» RECORDS SUPPLIED:
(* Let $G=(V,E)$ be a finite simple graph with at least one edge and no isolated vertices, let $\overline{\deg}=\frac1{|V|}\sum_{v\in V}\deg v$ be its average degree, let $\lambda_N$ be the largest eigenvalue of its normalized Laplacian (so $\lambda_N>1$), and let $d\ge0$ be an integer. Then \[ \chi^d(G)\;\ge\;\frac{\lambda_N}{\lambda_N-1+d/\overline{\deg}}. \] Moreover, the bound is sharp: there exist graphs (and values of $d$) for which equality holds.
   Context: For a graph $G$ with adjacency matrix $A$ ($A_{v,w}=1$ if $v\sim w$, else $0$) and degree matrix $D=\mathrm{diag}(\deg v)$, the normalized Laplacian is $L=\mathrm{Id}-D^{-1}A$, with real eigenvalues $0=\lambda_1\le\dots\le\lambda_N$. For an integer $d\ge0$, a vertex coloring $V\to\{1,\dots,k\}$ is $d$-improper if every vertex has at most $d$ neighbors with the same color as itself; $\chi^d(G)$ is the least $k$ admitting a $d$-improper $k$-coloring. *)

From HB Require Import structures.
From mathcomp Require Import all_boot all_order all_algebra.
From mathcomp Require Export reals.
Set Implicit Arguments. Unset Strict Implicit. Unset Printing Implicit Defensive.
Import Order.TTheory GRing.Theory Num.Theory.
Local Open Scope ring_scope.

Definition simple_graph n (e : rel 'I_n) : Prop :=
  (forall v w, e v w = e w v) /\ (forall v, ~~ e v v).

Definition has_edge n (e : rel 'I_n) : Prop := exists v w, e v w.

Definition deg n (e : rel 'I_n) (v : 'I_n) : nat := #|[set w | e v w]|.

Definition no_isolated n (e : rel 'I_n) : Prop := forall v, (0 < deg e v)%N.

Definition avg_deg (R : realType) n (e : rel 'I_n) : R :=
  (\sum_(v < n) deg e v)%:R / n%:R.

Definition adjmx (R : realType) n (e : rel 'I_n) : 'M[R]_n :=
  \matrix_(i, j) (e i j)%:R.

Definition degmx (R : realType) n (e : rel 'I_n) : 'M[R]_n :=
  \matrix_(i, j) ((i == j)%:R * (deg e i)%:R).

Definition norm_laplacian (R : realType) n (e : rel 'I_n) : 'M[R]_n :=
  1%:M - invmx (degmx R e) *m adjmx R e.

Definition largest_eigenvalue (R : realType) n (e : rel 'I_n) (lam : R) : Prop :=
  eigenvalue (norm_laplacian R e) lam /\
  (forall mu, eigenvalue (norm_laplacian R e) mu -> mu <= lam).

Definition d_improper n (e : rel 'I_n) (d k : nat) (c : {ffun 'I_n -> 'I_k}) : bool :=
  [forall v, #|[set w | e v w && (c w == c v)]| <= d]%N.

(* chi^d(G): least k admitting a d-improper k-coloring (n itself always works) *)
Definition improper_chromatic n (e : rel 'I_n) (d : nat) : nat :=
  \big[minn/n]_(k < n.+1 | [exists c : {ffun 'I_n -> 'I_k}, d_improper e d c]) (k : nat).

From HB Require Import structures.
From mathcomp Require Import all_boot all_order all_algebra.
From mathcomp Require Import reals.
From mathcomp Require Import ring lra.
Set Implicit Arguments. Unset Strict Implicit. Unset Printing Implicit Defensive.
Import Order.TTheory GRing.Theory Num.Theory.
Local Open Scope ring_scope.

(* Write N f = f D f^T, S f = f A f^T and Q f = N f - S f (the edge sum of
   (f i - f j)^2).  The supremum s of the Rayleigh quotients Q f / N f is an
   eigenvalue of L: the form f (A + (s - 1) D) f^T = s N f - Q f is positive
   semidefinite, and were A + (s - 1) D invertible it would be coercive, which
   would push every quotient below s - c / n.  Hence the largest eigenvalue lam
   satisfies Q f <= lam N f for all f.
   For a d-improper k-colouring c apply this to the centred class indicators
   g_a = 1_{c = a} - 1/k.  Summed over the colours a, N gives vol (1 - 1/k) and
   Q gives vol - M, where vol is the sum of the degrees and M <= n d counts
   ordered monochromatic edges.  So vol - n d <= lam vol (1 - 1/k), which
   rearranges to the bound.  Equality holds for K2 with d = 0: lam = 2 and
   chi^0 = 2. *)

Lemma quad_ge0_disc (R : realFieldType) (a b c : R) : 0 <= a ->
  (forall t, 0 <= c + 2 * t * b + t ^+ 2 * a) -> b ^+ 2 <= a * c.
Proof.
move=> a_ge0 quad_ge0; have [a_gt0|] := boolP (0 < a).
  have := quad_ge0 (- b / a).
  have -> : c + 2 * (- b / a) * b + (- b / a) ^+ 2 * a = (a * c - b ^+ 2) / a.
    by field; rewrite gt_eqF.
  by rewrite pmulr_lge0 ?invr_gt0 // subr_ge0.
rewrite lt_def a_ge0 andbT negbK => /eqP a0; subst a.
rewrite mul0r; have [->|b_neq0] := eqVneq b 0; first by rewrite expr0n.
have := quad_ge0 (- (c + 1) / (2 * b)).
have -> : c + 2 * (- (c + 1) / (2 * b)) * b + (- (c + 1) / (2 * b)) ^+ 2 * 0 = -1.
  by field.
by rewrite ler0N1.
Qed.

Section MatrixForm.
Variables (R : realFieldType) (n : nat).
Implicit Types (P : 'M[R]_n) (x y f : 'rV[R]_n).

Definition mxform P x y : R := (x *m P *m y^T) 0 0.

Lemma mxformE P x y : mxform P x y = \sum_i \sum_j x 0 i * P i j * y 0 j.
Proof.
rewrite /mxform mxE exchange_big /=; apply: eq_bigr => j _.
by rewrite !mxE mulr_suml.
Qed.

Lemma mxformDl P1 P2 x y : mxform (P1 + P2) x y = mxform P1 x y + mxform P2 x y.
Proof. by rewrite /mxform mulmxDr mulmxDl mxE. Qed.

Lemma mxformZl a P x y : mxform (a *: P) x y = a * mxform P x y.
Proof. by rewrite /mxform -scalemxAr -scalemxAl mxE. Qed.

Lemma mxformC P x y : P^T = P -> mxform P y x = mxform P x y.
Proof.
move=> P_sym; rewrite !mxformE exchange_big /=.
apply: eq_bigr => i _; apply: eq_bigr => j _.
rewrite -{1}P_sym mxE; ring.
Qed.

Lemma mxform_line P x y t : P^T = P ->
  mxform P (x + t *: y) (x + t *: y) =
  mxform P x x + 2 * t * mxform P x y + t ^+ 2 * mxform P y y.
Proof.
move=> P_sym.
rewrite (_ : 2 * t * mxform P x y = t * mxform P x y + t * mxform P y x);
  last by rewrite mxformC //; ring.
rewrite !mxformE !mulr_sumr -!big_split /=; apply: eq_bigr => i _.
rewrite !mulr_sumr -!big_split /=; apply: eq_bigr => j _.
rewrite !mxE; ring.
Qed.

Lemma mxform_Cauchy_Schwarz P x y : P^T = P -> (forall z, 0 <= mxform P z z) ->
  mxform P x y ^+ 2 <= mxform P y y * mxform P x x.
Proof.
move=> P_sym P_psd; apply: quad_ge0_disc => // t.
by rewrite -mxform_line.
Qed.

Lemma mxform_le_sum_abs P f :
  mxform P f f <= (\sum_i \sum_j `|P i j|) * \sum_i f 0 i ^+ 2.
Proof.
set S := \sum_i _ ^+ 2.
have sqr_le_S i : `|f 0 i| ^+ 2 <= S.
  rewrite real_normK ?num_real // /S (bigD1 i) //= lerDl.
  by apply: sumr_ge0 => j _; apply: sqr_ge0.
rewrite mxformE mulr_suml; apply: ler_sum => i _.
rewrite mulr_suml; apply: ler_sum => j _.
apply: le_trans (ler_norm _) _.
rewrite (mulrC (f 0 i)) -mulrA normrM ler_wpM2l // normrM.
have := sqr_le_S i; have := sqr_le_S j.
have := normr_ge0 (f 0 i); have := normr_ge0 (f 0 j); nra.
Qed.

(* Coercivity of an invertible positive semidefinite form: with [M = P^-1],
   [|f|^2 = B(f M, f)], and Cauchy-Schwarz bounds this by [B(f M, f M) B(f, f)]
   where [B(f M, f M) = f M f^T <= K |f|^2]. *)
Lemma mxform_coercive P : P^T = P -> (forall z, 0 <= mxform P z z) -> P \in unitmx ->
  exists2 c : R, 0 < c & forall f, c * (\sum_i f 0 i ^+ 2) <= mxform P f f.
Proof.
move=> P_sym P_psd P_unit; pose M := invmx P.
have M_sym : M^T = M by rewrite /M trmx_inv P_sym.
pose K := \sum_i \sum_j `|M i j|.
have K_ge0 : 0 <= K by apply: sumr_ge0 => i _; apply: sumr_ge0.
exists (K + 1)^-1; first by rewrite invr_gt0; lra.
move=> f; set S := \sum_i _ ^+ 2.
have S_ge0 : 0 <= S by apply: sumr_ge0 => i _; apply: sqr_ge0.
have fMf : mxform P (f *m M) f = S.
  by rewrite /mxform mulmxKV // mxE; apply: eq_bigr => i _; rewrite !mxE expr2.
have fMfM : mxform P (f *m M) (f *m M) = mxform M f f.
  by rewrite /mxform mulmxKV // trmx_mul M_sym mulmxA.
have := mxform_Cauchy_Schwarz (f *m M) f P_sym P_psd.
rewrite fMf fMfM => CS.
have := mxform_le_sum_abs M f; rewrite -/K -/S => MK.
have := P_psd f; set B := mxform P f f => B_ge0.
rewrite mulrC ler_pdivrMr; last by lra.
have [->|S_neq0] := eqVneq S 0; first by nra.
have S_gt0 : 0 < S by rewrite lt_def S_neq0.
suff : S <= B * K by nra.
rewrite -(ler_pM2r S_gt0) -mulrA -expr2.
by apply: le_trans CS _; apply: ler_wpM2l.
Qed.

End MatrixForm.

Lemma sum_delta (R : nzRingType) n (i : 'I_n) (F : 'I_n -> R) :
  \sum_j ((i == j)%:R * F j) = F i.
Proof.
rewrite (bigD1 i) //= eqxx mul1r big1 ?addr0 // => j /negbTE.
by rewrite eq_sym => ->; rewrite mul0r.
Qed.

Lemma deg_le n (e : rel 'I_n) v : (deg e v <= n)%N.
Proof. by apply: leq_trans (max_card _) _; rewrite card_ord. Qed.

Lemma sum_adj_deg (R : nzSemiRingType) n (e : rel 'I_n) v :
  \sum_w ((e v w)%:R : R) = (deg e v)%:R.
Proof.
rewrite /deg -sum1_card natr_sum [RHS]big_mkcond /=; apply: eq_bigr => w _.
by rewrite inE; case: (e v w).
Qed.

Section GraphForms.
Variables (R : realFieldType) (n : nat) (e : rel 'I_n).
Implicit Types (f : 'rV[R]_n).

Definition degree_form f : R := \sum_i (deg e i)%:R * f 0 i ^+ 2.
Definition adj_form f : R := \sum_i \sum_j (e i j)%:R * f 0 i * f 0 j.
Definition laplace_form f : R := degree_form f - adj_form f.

» WHAT IS REQUIRED:
Reproduce word for word the material above, starting with the line that has "c]) (k : nat)." and stopping after the line that has "eigenvalue of L: the".

» WRITTEN ANSWER:
  \big[minn/n]_(k < n.+1 | [exists c : {ffun 'I_n -> 'I_k}, d_improper e d c]) (k : nat).

From HB Require Import structures.
From mathcomp Require Import all_boot all_order all_algebra.
From mathcomp Require Import reals.
From mathcomp Require Import ring lra.
Set Implicit Arguments. Unset Strict Implicit. Unset Printing Implicit Defensive.
Import Order.TTheory GRing.Theory Num.Theory.
Local Open Scope ring_scope.

(* Write N f = f D f^T, S f = f A f^T and Q f = N f - S f (the edge sum of
   (f i - f j)^2).  The supremum s of the Rayleigh quotients Q f / N f is an
   eigenvalue of L: the form f (A + (s - 1) D) f^T = s N f - Q f is positive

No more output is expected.